JAKARTA, KOMPAS.com - Dalam persidangan terhadap terdakwa pegawai Lippo Group Doddy Aryanto Supeno terungkap perkara lain yang diatur bersama-sama dengan panitera Pengadilan Negeri Jakarta Pusat, Edy Nasution.
Perkara yang dimaksud terkait putusan pengadilan mengenai eksekusi lahan terhadap PT Jakarta Baru Cosmopolitan, salah satu perusahaan di bawah Lippo Group.
Perkara tersebut tercantum dalam surat dakwaan jaksa penuntut dari Komisi Pemberantasan Korupsi (KPK) terhadap Doddy Aryanto Supeno. Surat tuntutan dibacakan di Pengadilan Tipikor Jakarta, Rabu (31/8/2016).
"Bahwa pemberian pada 20 April 2016 sebesar Rp 50 juta, selain untuk pengajuan peninjauan kembali, juga diberikan untuk penundaan eksekusi atas tanah milik PT Jakarta Baru Cosmopolitan," ujar Jaksa Tito Jaelani di Pengadilan Tipikor.
(Baca: Pegawai Lippo Group Dituntut 5 Tahun Penjara oleh Jaksa KPK)
Berdasarkan putusan Raad Van Yustitie di Jakarta tanggal 12 Juli 1940 No 232/1937, pada November 2014 dan 16 Februari 2015, kuasa hukum ahli waris Tan Hok Tjian mengajukan surat ke PN Jakarta Pusat mengenai permohonan eksekusi putusan Raad Van Yustitie di Jakarta tanggal 12 Juli 1940 No 232/1937.
Pada bulan November 2015, Direktur PT Jakarta Baru Cosmopolitan Ervan Adi Nugroho memperoleh surat dari PN Jakarta Pusat perihal permohonan eksekusi lanjutan yang belum didistribusikan.
Atas surat tersebut, Ervan Adi Nugroho meminta kepada Wresti Kristian Hesti, pegawai bagian legal pada Lippo Group, untuk mempelajari surat tersebut dan menunda pelaksanaan putusan itu dengan meminta tolong kepada mantan petinggi Lippo Group Eddy Sindoro.
Kemudian, Hesti mempelajari surat tersebut dan menyampaikan hasilnya kepada Eddy Sindoro dan Ervan Adi Nugroho.
(Baca: Nurhadi Akui Diminta Eddy Sindoro Urus Perkara Lippo Group)
Hesti menyampaikan bahwa pada kalimat akhir surat tersebut isinya harus disamakan dengan surat dari PN Jakarta Pusat yang terdahulu, yakni dengan mengubah kalimat dalam surat tersebut dari "belum dapat disekskusi" diganti dengan "tidak dapat dieksekusi".
Menindaklanjuti permintaan tersebut, Hesti selanjutnya menemui Edy Nasution dan menyampaikan permintaan Ervan Adi Nugroho untuk menunda pelaksanaan eksekusi putusan.
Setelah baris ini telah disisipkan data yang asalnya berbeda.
Lemma open2_locally_2d_comp (D : R -> R -> Prop) (f1 f2 : R -> R -> R) (x y : R) :
  open2 D -> continuity_2d_pt f1 x y -> continuity_2d_pt f2 x y -> D (f1 x y) (f2 x y) ->
  locally_2d (fun u v => D (f1 u v) (f2 u v)) x y.
Proof.
  intros HD H1 H2 Hxy; destruct (HD _ _ Hxy) as [e [He HDe]].
  destruct (H1 (mkposreal e He)) as [d1 Hd1]; destruct (H2 (mkposreal e He)) as [d2 Hd2].
  exists (mkposreal _ (Rmin_pos _ _ (cond_pos d1) (cond_pos d2))); simpl.
  intros u v Hu Hv; pose proof (Rmin_l d1 d2); pose proof (Rmin_r d1 d2).
  apply HDe; [apply (Hd1 u v) | apply (Hd2 u v)]; lra.
Qed.

Ltac cont2 := repeat first [ apply continuity_2d_pt_plus | apply continuity_2d_pt_minus
  | apply continuity_2d_pt_mult | apply continuity_2d_pt_id1 | apply continuity_2d_pt_id2
  | apply continuity_2d_pt_const ].

Lemma continuity_2d_pt_comp (g f1 f2 : R -> R -> R) (x y : R) :
  continuity_2d_pt g (f1 x y) (f2 x y) ->
  continuity_2d_pt f1 x y -> continuity_2d_pt f2 x y ->
  continuity_2d_pt (fun a b => g (f1 a b) (f2 a b)) x y.
Proof.
  intros Hg H1 H2 eps.
  destruct (Hg eps) as [d Hd]; destruct (H1 d) as [d1 Hd1]; destruct (H2 d) as [d2 Hd2].
  exists (mkposreal _ (Rmin_pos _ _ (cond_pos d1) (cond_pos d2))); simpl.
  intros a b Ha Hb; pose proof (Rmin_l d1 d2); pose proof (Rmin_r d1 d2).
  apply Hd; [apply Hd1 | apply Hd2]; lra.
Qed.

Lemma continuity_2d_pt_continuous_w (f : R -> R -> R) (x y : R) :
  continuity_2d_pt f x y -> continuous (fun s => f x s) y.
Proof.
  intros Hf; apply filterlim_locally; intros eps; destruct (Hf eps) as [d Hd].
  exists d; intros s Hs; apply Hd; [|exact Hs].
  rewrite Rminus_eq_0, Rabs_R0; apply cond_pos.
Qed.

Lemma continuity_2d_pt_swap (f : R -> R -> R) (x y : R) :
  continuity_2d_pt f x y -> continuity_2d_pt (fun a b => f b a) y x.
Proof. intros Hf eps; destruct (Hf eps) as [d Hd]; exists d; intros a b Ha Hb; now apply Hd. Qed.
Atas permintaan tersebut, Edy Nasution menyampaikan bahwa surat tersebut belum dikirim ke mana-mana.
Dalam kasus ini, Doddy Aryanto Supeno dinilai terbukti memberi suap sebesar Rp 150 juta kepada panitera Pengadilan Negeri Jakarta Pusat, Edy Nasution.
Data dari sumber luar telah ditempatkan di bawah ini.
Lemma no_bounded_basis (B : (L -> L) -> Prop) : ~ bounded_basis B.
Proof.
move=> [basisB [k bddB]].
pose e := matrix_unit v vcoef.
have endo_e m l : is_endo (e m l) by apply/matrix_unit_endo/vcoef_lin.
have [tau htau] := choice (fun m => endo_cs_le basisB (endo_e m m)).
pose d m := (tau m * m * k).+1.
have large m : exists c : 'I_(d m) -> K,
    forall N, cs_le B N (\sum_l c l *: e m (m + l)) -> (d m <= N)%N.
  apply: (large_support basisB) => [l | c].
    exact: endo_spanned basisB (endo_e _ _).
  apply: (matrix_unit_free vcoef_lin vcoef_v) => i j /eqP.
  by rewrite eqn_add2l => /eqP /val_inj.
pose c m := sval (cid (large m)).
pose phi i w := \sum_(l < d i) c i l * vcoef (i + l) w.
have [D endoD vcoefD] : exists2 D, is_endo D & forall i w, vcoef i (D w) = phi i w.
  apply: endo_of_coords => [i a x y | i w iw].
    rewrite /phi mulr_sumr -big_split; apply: eq_bigr => l _.
    by rewrite vcoef_lin mulrDr mulrCA.
  rewrite /phi big1 // => l _.
  by rewrite vcoef_supp ?mulr0 // (leq_trans iw (leq_addr _ _)).
(* [d M] exceeds the bound of [cs_le_mul] on e M M o D, but e M M o D is the
   combination chosen for M. *)
have [M csD] := endo_cs_le basisB endoD.
have := cs_le_mul basisB bddB (htau M) csD.
have -> : endo_mul (e M M) D = \sum_l c M l *: e M (M + l).
  apply/funext => w; rewrite /endo_mul /e /matrix_unit vcoefD /phi fct_sumE scaler_suml.
  by apply: eq_bigr => l _; rewrite scalrfctE /= scalerA.
by move=> /(svalP (cid (large M))); rewrite ltnn.
Qed.

End Complement.

Lemma infinite_dim_no_bounded_basis (K : fieldType) (L : lmodType K) :
  infinite_dim L -> ~ exists B, @bounded_basis K L B.
Proof.
move=> infL [B bddB].
have [A [[A_closed A_meet] A_max]] :=
  Zorn_bigcup (@avoids_span_chain K L (@free_seq K L)).
exact: no_bounded_basis (free_seq_free infL) _ A_closed A_meet A_max _ bddB.
Qed.

Theorem theorem5p7 (K : fieldType) (L : lmodType K) :
  (forall n : nat, (1 < n)%N -> has_dim L n ->
     (exists B : (L -> L) -> Prop, @multiplicative_basis K L B) /\
     ~ (exists B : (L -> L) -> Prop, @strong_multiplicative_basis K L B)) /\
  (infinite_dim L -> ~ (exists B : (L -> L) -> Prop, @bounded_basis K L B)).
Proof.
split; last exact: infinite_dim_no_bounded_basis.
move=> n n_gt1 [u basis_u]; split.
  by exists (matrix_units u); apply: matrix_units_multiplicative.
exact: no_strong_multiplicative_basis basis_u n_gt1.
Qed.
(Baca: Nurhadi Bantah Jadi Promotor untuk Pengurusan Perkara Lippo Group di MA)
Pada awalnya, uang suap sebesar Rp 150 juta tersebut diduga diberikan agar Edy Nasution selaku panitera menunda proses "aanmaning" atau peringatan eksekusi terhadap PT Metropolitan Tirta Perdana (MTP), dan menerima pendaftaran peninjauan kembali PT Across Asia Limited (AAL).
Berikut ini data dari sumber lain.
(* Let $H$ be a Hilbert space and, for $i=1,2$, let $(K_i,[\cdot,\cdot]_i)$ be Pontryagin spaces, $A_i$ self-adjoint linear relations in $K_i$, $z_0\in\rho(A_1)\cap\rho(A_2)\cap\mathbb{C}^+$, $\Gamma_i:H\to K_i$ bounded, and $$Q_i(z)=Q_i(z_0)^*+(z-\bar z_0)\Gamma_i^+\big(I_i+(z-z_0)(A_i-z)^{-1}\big)\Gamma_i .$$ Let $\tilde K=K_1[+]K_2$ (orthogonal direct sum), let $A=A_1\oplus A_2=\{\{k_1[+]k_2,h_1[+]h_2\}:\{k_i,h_i\}\in A_i\}$, and let $\Gamma:H\to\tilde K$, $\Gamma h=\Gamma_1h[+]\Gamma_2h$, so that $\Gamma^+(k_1[+]k_2)=\Gamma_1^+k_1+\Gamma_2^+k_2$. Then $Q:=Q_1+Q_2$ satisfies $$Q(z)=Q_1(z_0)^*+Q_2(z_0)^*+(z-\bar z_0)\Gamma^+\big(I+(z-z_0)(A-z)^{-1}\big)\Gamma. \tag{14}$$ (i) If $\Gamma^+:\tilde K\to H$ is injective, then the representation (14) is minimal, i.e. $\tilde K=\overline{\operatorname{span}}\{(I+(z-z_0)(A-z)^{-1})\Gamma h: z\in\rho(A),h\in H\}$. (ii) Suppose instead that $A_i$ are bounded self-adjoint operators in $K_i$, $\Gamma_{0i}:H\to K_i$ are bounded, $Q_i(z)=\Gamma_{0i}^+(A_i-z)^{-1}\Gamma_{0i}$, and with $\Gamma_0h:=\Gamma_{01}h[+]\Gamma_{02}h$ and $A=A_1\oplus A_2$ the representation $Q(z):=Q_1(z)+Q_2(z)=\Gamma_0^+(A-z)^{-1}\Gamma_0$ is minimal, i.e. $K_1[+]K_2=\overline{\operatorname{span}}\{(A-z)^{-1}\Gamma_0h:z\in\rho(A),h\in H\}$. If at least one of $\Gamma_{01},\Gamma_{02}$ is injective, then: whenever $f\in H$ satisfies $(f,Q(z)h)=0$ for all $z\in\rho(A)$ and all $h\in H$, it follows that $f=0$.
   Context: $H$ is a Hilbert space with inner product $(\cdot,\cdot)$. A Pontryagin space is a Krein space whose indefinite inner product $[\cdot,\cdot]$ has finitely many negative squares. For a bounded operator $\Gamma:H\to K$ into a Pontryagin space, $\Gamma^+:K\to H$ is defined by $(h,\Gamma^+k)=[\Gamma h,k]$. $K_1[+]K_2$ denotes the orthogonal direct sum with inner product $[k_1+k_2,k_1'+k_2']=[k_1,k_1']_1+[k_2,k_2']_2$. *)

From HB Require Import structures.
From mathcomp Require Import all_boot all_order all_algebra.
From mathcomp Require Import reals complex.
From Stdlib Require Import ClassicalEpsilon.
Set Implicit Arguments. Unset Strict Implicit. Unset Printing Implicit Defensive.
Import Order.TTheory GRing.Theory Num.Theory.
Local Open Scope ring_scope.

Section Defs.
Variable R : realType.
Local Notation C := (R[i]).

(* linear relations in V, given by their graph *)
Definition relation (V : lmodType C) : Type := V -> V -> Prop.

Section OneSpace.
Variable V : lmodType C.

Definition nrm2 (ip : V -> V -> C) (x : V) : R := complex.Re (ip x x).

Definition inner_prod (ip : V -> V -> C) : Prop :=
  (forall (a : C) (x x' y : V), ip (a *: x + x') y = a * ip x y + ip x' y) /\
  (forall x y : V, ip y x = Num.conj (ip x y)) /\
  (forall x : V, 0 <= ip x x) /\
  (forall x : V, ip x x = 0 -> x = 0).

Definition complete (ip : V -> V -> C) : Prop :=
  forall u : nat -> V,
    (forall e : R, 0 < e -> exists N, forall m n, (N <= m)%N -> (N <= n)%N ->
        nrm2 ip (u m - u n) < e) ->
    exists l : V, forall e : R, 0 < e -> exists N, forall n, (N <= n)%N ->
        nrm2 ip (u n - l) < e.

Definition hilbert (ip : V -> V -> C) : Prop := inner_prod ip /\ complete ip.

Definition linearF (W : lmodType C) (T : V -> W) : Prop :=
  forall (a : C) (x y : V), T (a *: x + y) = a *: T x + T y.

(* Pontryagin space: a Hilbert space (V, ip) with a fundamental symmetry J
   (linear, J^2 = I, ip-selfadjoint) whose negative eigenspace is finite
   dimensional; the indefinite inner product is [x,y] = ip (J x) y. *)
Definition pontryagin (ip : V -> V -> C) (J : V -> V) : Prop :=
  hilbert ip /\ linearF J /\ (forall x, J (J x) = x) /\
  (forall x y, ip (J x) y = ip x (J y)) /\
  exists n (e : 'I_n -> V), forall x, J x = - x ->
    exists c : 'I_n -> C, x = \sum_(i < n) c i *: e i.

Definition kform (ip : V -> V -> C) (J : V -> V) (x y : V) : C := ip (J x) y.


Definition lin_rel (A : relation V) : Prop :=
  A 0 0 /\ forall (a : C) f g f' g', A f g -> A f' g' -> A (a *: f + f') (a *: g + g').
Padahal, waktu pengajuan PK tersebut telah melewati batas yang ditetapkan undang-undang. Kedua perusahaan tersebut merupakan anak usaha Lippo Group.
Awalnya, Lippo Group menghadapi beberapa perkara hukum, sehingga Eddy Sindoro menugaskan Hesti untuk melakukan pendekatan dengan pihak-pihak lain yang terkait dengan perkara, termasuk Edy Nasution.
Eddy Sindoro juga menugaskan Doddy untuk melakukan penyerahan dokumen maupun uang kepada pihak-pihak lain yang terkait perkara.